Speaking of obstacles, there was that one little issue of not knowing where I was headed. I had been accepted to two schools in Chicago, but so far no acceptances to sunny California. I had visited Chicago most recently in mid-January, and it was a blistering -6F with 30-40mph winds. With the wind chill factor, it was the coldest Chicago had ever been in years. I knew an S2000 would not be a wise choice for a place like Chicago where they salt the roads and the windshields crack due to extreme cold. I figured, I'll start shopping for an S2000 now since I have three schools in California I'm still waiting on--I'm bound to get into one of them. So as an acceptance present to myself, I'll buy an S2000.

Except I found one a bit too soon. A single-owner 2003 GPW with only 17,000 miles. Driven around as a golfing/weekend car by a retired 68-yr old pediatrician up in Oregon. Never driven during the winter (he had another coupe, sedan and SUV for general purpose use). Asking price within budget. Could anyone ask for more? I still hadn't heard back from the California schools, but I made an executive decision to go for it. I'll worry about staying in California later. Besides, even if I don't, I won't mind putting the car in storage six months out of the year and walking to school in the snow in -6F and 40mph. I would just have to make such sacrifices for this car. If I miss this opportunity, I'll probably never get another chance to drive an S2000 and my teenage dream would just have to die along with any passion I have for life and living. Just kidding ... sorta.

So I called up Nino and pretty much swindled him to flying up to Oregon with me. I bought the plane tickets and went on a flight straight to ... uh, Salt Lake City. Then we walked over to the terminal to our connecting flight. Except it wasn't a terminal. It was more like a parking lot. And instead of a Boeing Jet, it was more like a 15-seater toy plane. And instead of regular sized seats, they were more like oversized child seats. And instead of normal sized people, it was more like 400-lb Polynesian ukulele players. Good thing the flight was only 45 minutes. Felt like 45 hours.


Nino: OMG, you couldn't afford a better flight?

We finally arrived in Salem, OR. Except the airport wasn't really an airport, more like an annex building. The pilot opened the door, walked us over to the building, took out the keys from his pocket and unlocked the door and turned on the lights. OMGWTFBBQ. So this is how it's done in Oregon's capitol? No wonder Oregon is the only state that allows physician assisted suicides.
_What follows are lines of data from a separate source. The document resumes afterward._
(* Let $\mathcal{Z}=\mathcal{Z}_G^{\mathcal{C}}\subset\mathrm{Sym}(p)$ be a cBC-space with respect to an ordered partition $(n_1,\dots,n_r)$ of $p$, let $i\in[r]$, $\alpha\in[d_i]$, and let $A\in\mathrm{Sym}^+(p)$. Let $\{B^{(i)}_1,\dots,B^{(i)}_{q_i}\}$ be a basis of $L_i(\mathcal{Z})$, set $U_t=B^{(i)}_tc^{(i)}_\alpha$ for $t\in[q_i]$, and let $G_{i,\alpha}\in\mathbb{R}^{q_i\times q_i}$ be the Gram matrix $(G_{i,\alpha})_{ts}=\operatorname{tr}(U_tU_s^\top)$. Then $m_{i,\alpha}=\operatorname{rank}G_{i,\alpha}$. Moreover, let $m=m_{i,\alpha}$, and if $m>0$ let $t_1,\dots,t_m\in[q_i]$ be indices such that the principal submatrix $\widetilde G_{i,\alpha}=((G_{i,\alpha})_{t_kt_l})_{k,l\in[m]}$ is nonsingular (e.g. the pivots of a Cholesky decomposition with complete pivoting). Put $U'_k=U_{t_k}$, $\Psi_{i,\alpha}(A)\in\mathbb{R}^{m\times m}$ with $(\Psi_{i,\alpha}(A))_{kl}=\operatorname{tr}(AU'_k(U'_l)^\top)$, $V_{i,\alpha}(A)\in\mathbb{R}^{1\times m}$ with $(V_{i,\alpha}(A))_{1k}=\mu_{i,\alpha}^{-1/2}\operatorname{tr}(Ac^{(i)}_\alpha(U'_k)^\top)$, and $\lambda_{i,\alpha}(A)=\mu_{i,\alpha}^{-1}\operatorname{tr}(Ac^{(i)}_\alpha)$. Then $\{U'_1,\dots,U'_m\}$ is a basis of $\mathfrak{h}_{i,\alpha}$, $\Psi_{i,\alpha}(A)$ is positive definite, and $$\det\psi_{i,\alpha}(A)=\frac{\det\Psi_{i,\alpha}(A)}{\det\widetilde G_{i,\alpha}},\qquad \frac{\det\phi_{i,\alpha}(A)}{\det\psi_{i,\alpha}(A)}=\lambda_{i,\alpha}(A)-V_{i,\alpha}(A)\Psi_{i,\alpha}(A)^{-1}V_{i,\alpha}(A)^\top.$$ If $m=0$, then (with the convention $\det\psi_{i,\alpha}(A)=1$) $\det\phi_{i,\alpha}(A)/\det\psi_{i,\alpha}(A)=\lambda_{i,\alpha}(A)$.
   Context: Colored graph: $G=(V,E)$ finite simple undirected graph on $V=[p]$ with a coloring $\mathcal{C}$: vertex color classes $V_1,\dots,V_r$, edge color classes partitioning $E$; the extended edge set $\tilde E=E\cup\{\{v\}:v\in V\}$ is colored with loops $\{v\}$ colored by the color of $v$, and $c(v,w)$ denotes the color of $\{v,w\}\in\tilde E$. $\mathcal{Z}_G^{\mathcal{C}}$ is the space of $x\in\mathrm{Sym}(p)$ with $x_{ij}=0$ whenever $i\ne j$, $\{i,j\}\notin E$, and $x_{ij}=x_{kl}$ whenever $\{i,j\},\{k,l\}\in\tilde E$ have $c(i,j)=c(k,l)$. Block notation: for an ordered partition $(n_1,\dots,n_r)$ of $p$, $x\in\mathrm{Sym}(p)$ has blocks $X_{kh}\in\mathbb{R}^{n_k\times n_h}$; $\mathrm{BlockTri}(x)$ keeps blocks with $k\ge h$, $\mathrm{BlockDiag}(x)$ keeps only diagonal blocks. $M_i(\mathcal{Z})=\{x\in\mathcal{Z}: X_{kh}=0$ unless $(k,h)=(i,i)\}$, $L_i(\mathcal{Z})=\{x\in\mathcal{Z}: X_{kh}=0$ unless $k>h=i$ or $h>k=i\}$. $\mathcal{Z}$ is a cBC-space if (Z0) $I_p\in\mathcal{Z}$ and $\mathcal{Z}=(\bigoplus_{i\in[r]}M_i(\mathcal{Z}))\oplus(\bigoplus_{i\in[r-1]}L_i(\mathcal{Z}))$; (Z1) $\mathrm{BlockTri}(x)\mathrm{BlockTri}(x)^\top\in\mathcal{Z}$ for all $x\in\mathcal{Z}$; (Z2) $\mathrm{BlockDiag}(x)\mathrm{BlockDiag}(y)\in\mathcal{Z}$ for all $x,y\in\mathcal{Z}$. Structure data: $e^{(i)}$ is the $p\times p$ matrix with $(i,i)$ block $I_{n_i}$ and others $0$; $\{c^{(i)}_\alpha\}_{\alpha\in[d_i]}$ is a Jordan frame of $M_i(\mathcal{Z})$ (a maximal family of nonzero mutually orthogonal idempotents $c^{(i)}_\alpha c^{(i)}_\beta=\delta_{\alpha\beta}c^{(i)}_\alpha$ in $M_i(\mathcal{Z})$ summing to $e^{(i)}$). $\mu_{i,\alpha}=\operatorname{rank}c^{(i)}_\alpha$, $\tilde e^{(i)}_\alpha=c^{(i)}_\alpha/\sqrt{\mu_{i,\alpha}}$, $c^{(i)}_{>\alpha}=\sum_{\beta>\alpha}c^{(i)}_\beta$, $\mathfrak{h}_{i,\alpha}=c^{(i)}_{>\alpha}M_i(\mathcal{Z})c^{(i)}_\alpha\oplus L_i(\mathcal{Z})c^{(i)}_\alpha$, with an orthonormal basis $\{\tilde f^{(i)}_\gamma\}_{\gamma\in J_{i,\alpha}}$ for $\langle X,Y\rangle=\operatorname{tr}(XY^\top)$, and $m_{i,\alpha}=\dim\mathfrak{h}_{i,\alpha}$. For $A\in\mathrm{Sym}(p)$ with $m_{i,\alpha}>0$: $\psi_{i,\alpha}(A)$ is the $m_{i,\alpha}\times m_{i,\alpha}$ matrix with entries $\operatorname{tr}(A\tilde f^{(i)}_\gamma(\tilde f^{(i)}_{\gamma'})^\top)$, $v_{i,\alpha}(A)$ the row vector with entries $\operatorname{tr}(A\tilde e^{(i)}_\alpha(\tilde f^{(i)}_\gamma)^\top)$, and $\phi_{i,\alpha}(A)=\begin{bmatrix}\operatorname{tr}(A\tilde e^{(i)}_\alpha\tilde e^{(i)}_\alpha)&v_{i,\alpha}(A)\\ v_{i,\alpha}(A)^\top&\psi_{i,\alpha}(A)\end{bmatrix}$; if $m_{i,\alpha}=0$, $\phi_{i,\alpha}(A)=\operatorname{tr}(A\tilde e^{(i)}_\alpha\tilde e^{(i)}_\alpha)$. *)

From mathcomp Require Import all_boot all_order all_algebra.
Set Implicit Arguments. Unset Strict Implicit. Unset Printing Implicit Defensive.
Import Order.TTheory GRing.Theory Num.Theory.
Local Open Scope ring_scope.

Definition simple_graph (p : nat) (E : rel 'I_p) : Prop :=
  (forall v, ~~ E v v) /\ (forall v w, E v w = E w v).

(* {v,w} in the extended edge set E ∪ {{v} : v in V} *)
Definition ext_edge (p : nat) (E : rel 'I_p) (v w : 'I_p) : bool :=
  (v == w) || E v w.

(* Colour of an element of the extended edge set: loops {v} carry the colour
   of the vertex v (vertex palette = inl), genuine edges their edge colour
   (edge palette = inr).  [ecol] is only consulted on edges. *)
Definition gcolor (p : nat) (vcol : 'I_p -> nat) (ecol : 'I_p -> 'I_p -> nat)
  (v w : 'I_p) : nat + nat :=
  if v == w then inl (vcol v) else inr (ecol v w).

Definition edge_coloring (p : nat) (E : rel 'I_p) (ecol : 'I_p -> 'I_p -> nat) : Prop :=
  forall v w, E v w -> ecol v w = ecol w v.

Definition inZG (R : rcfType) (p : nat) (E : rel 'I_p) (vcol : 'I_p -> nat)
  (ecol : 'I_p -> 'I_p -> nat) (x : 'M[R]_p) : Prop :=
  [/\ x^T = x,
      (forall a b, a != b -> ~~ E a b -> x a b = 0) &
      (forall a b c d, ext_edge E a b -> ext_edge E c d ->
         gcolor vcol ecol a b = gcolor vcol ecol c d -> x a b = x c d)].

(* Blocks are indexed from 0: [blk n a] is the (0-based) index of the block
   containing the row/column index a, i.e. the number of k with
   n_0 + ... + n_k <= a. *)
Definition blk (r : nat) (n : 'I_r -> nat) (p : nat) (a : 'I_p) : nat :=
  #|[pred k : 'I_r | ((\sum_(l < r | (l <= k)%N) n l)%N <= a)%N]|.

Definition BlockTri (R : rcfType) (r : nat) (n : 'I_r -> nat) (p : nat)
  (x : 'M[R]_p) : 'M[R]_p :=
  \matrix_(a, b) if (blk n b <= blk n a)%N then x a b else 0.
Trust me, you don't want to go in there.

Too cheap to call a cab, we walked from the ghetto bus-stop of an airport to the nearest motel in pitch dark, no sidewalk and no street lamps. I felt like I was going to either get jumped by ninjas or bitten by a rattlesnake. Instead, we got hollered at by some college kids as they drove by: "Hey Ching Chong Chang!" Nice. Clearly, Oregonians are kind, classy, well educated folk. A few more blocks away, we found a Howard Johnson Inn.

The next day:


All mine. Mine mine mine!

I signed all the paperwork, and soon I was on my way. We gassed up at the nearest Chevron and hit the freeway. As I merged onto the freeway, I revved the engine to 9000RPM in 2nd year, then 3rd and soon I was doing almost 90mph as I cut through a couple lanes to avoid slower traffic. I also cut off a state trooper who was not so amused. I begged, pleaded, showed him the bill of sale, and finally managed to get out a speeding ticket or worse. Apparently I had merged onto a stretch of highway that was undergoing construction and its speed limit was now 45mph instead of 65. Yikes.

Many, many hours of going exactly 65mph later:


My S2000 showing some 5-o-clock shadow

The rest is history...


Welcome to California

Oh, and then that following week, I got a call from Loma Linda University. Called it.